• Record extracts
Lemma generated_evalP (A : halg) (g b : hcar A) :
  generated g b <-> exists t, eval A g t = b.
Proof.
split=> [gen_b | [t <-] S S1 SM SI Sg].
- apply: (gen_b (fun b => exists t, eval A g t = b)).
  + by exists One.
  + by move=> _ _ [t1 <-] [t2 <-]; exists (Mul t1 t2).
  + by move=> _ _ [t1 <-] [t2 <-]; exists (Imp t1 t2).
  + by exists Var.
- by elim: t => //= t1 IH1 t2 IH2; [apply: SM | apply: SI].
Qed.

(* The operations are preserved on the whole ambient carrier, so no membership
   side conditions arise when transporting identities. *)
Definition zhom (Z1 Z2 : zalg) (f : zz -> zz) : Prop :=
  [/\ forall a b, f (zmul Z1 a b) = zmul Z2 (f a) (f b),
      forall a b, f (zimp Z1 a b) = zimp Z2 (f a) (f b)
    & f (zone Z1) = zone Z2].

Section ZHom.
Variables (Z1 Z2 : zalg) (f : zz -> zz).
Hypothesis f_hom : zhom Z1 Z2 f.

Lemma zhom_eval a t : eval (toH Z2) (f a) t = f (eval (toH Z1) a t).
Proof.
case: f_hom => fM fI f1.
by elim: t => /= [||t1 -> t2 ->|t1 -> t2 ->]; rewrite ?fM ?fI ?f1.
Qed.

Lemma zhom_holds_at a t s :
  holds_at (toH Z1) a t s -> holds_at (toH Z2) (f a) t s.
Proof. by rewrite /holds_at !zhom_eval => ->. Qed.

Lemma zhom_holds_at_inj a t s : injective f ->
  holds_at (toH Z2) (f a) t s -> holds_at (toH Z1) a t s.
Proof. by move=> f_inj; rewrite /holds_at !zhom_eval => /f_inj. Qed.

End ZHom.

Lemma lexle_anti a b : lexle a b -> lexle b a -> a = b.
Proof.
case: a b => [a1 a2] [b1 b2]; rewrite /lexle /= => ab ba.
by have [-> ->] : a1 = b1 /\ a2 = b2 by lia.
Qed.

Lemma lexle_total a b : lexle a b || lexle b a.
Proof. by case: a b => [a1 a2] [b1 b2]; rewrite /lexle /=; lia. Qed.

Section LexMonotone.
Variable f : zz -> zz.
Hypothesis f_mono : {homo f : a b / lexle a b}.

Lemma lexmax_homo a b : f (lexmax a b) = lexmax (f a) (f b).
Proof.
rewrite /lexmax; case: ifP => [ab | /negbT nab]; first by rewrite f_mono.
have ba : lexle b a by move: (lexle_total a b); rewrite (negbTE nab).
by case: ifP => // fab; apply: lexle_anti fab (f_mono ba).
Qed.

Lemma lexmin_homo a b : f (lexmin a b) = lexmin (f a) (f b).
Proof.
rewrite /lexmin; case: ifP => [ab | /negbT nab]; first by rewrite f_mono.
have ba : lexle b a by move: (lexle_total a b); rewrite (negbTE nab).
by case: ifP => // fab; apply: lexle_anti (f_mono ba) fab.
Qed.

• Exercise goal
Where a line above includes "forall", copy that line.

• Task answer
  [/\ forall a b, f (zmul Z1 a b) = zmul Z2 (f a) (f b),
      forall a b, f (zimp Z1 a b) = zimp Z2 (f a) (f b)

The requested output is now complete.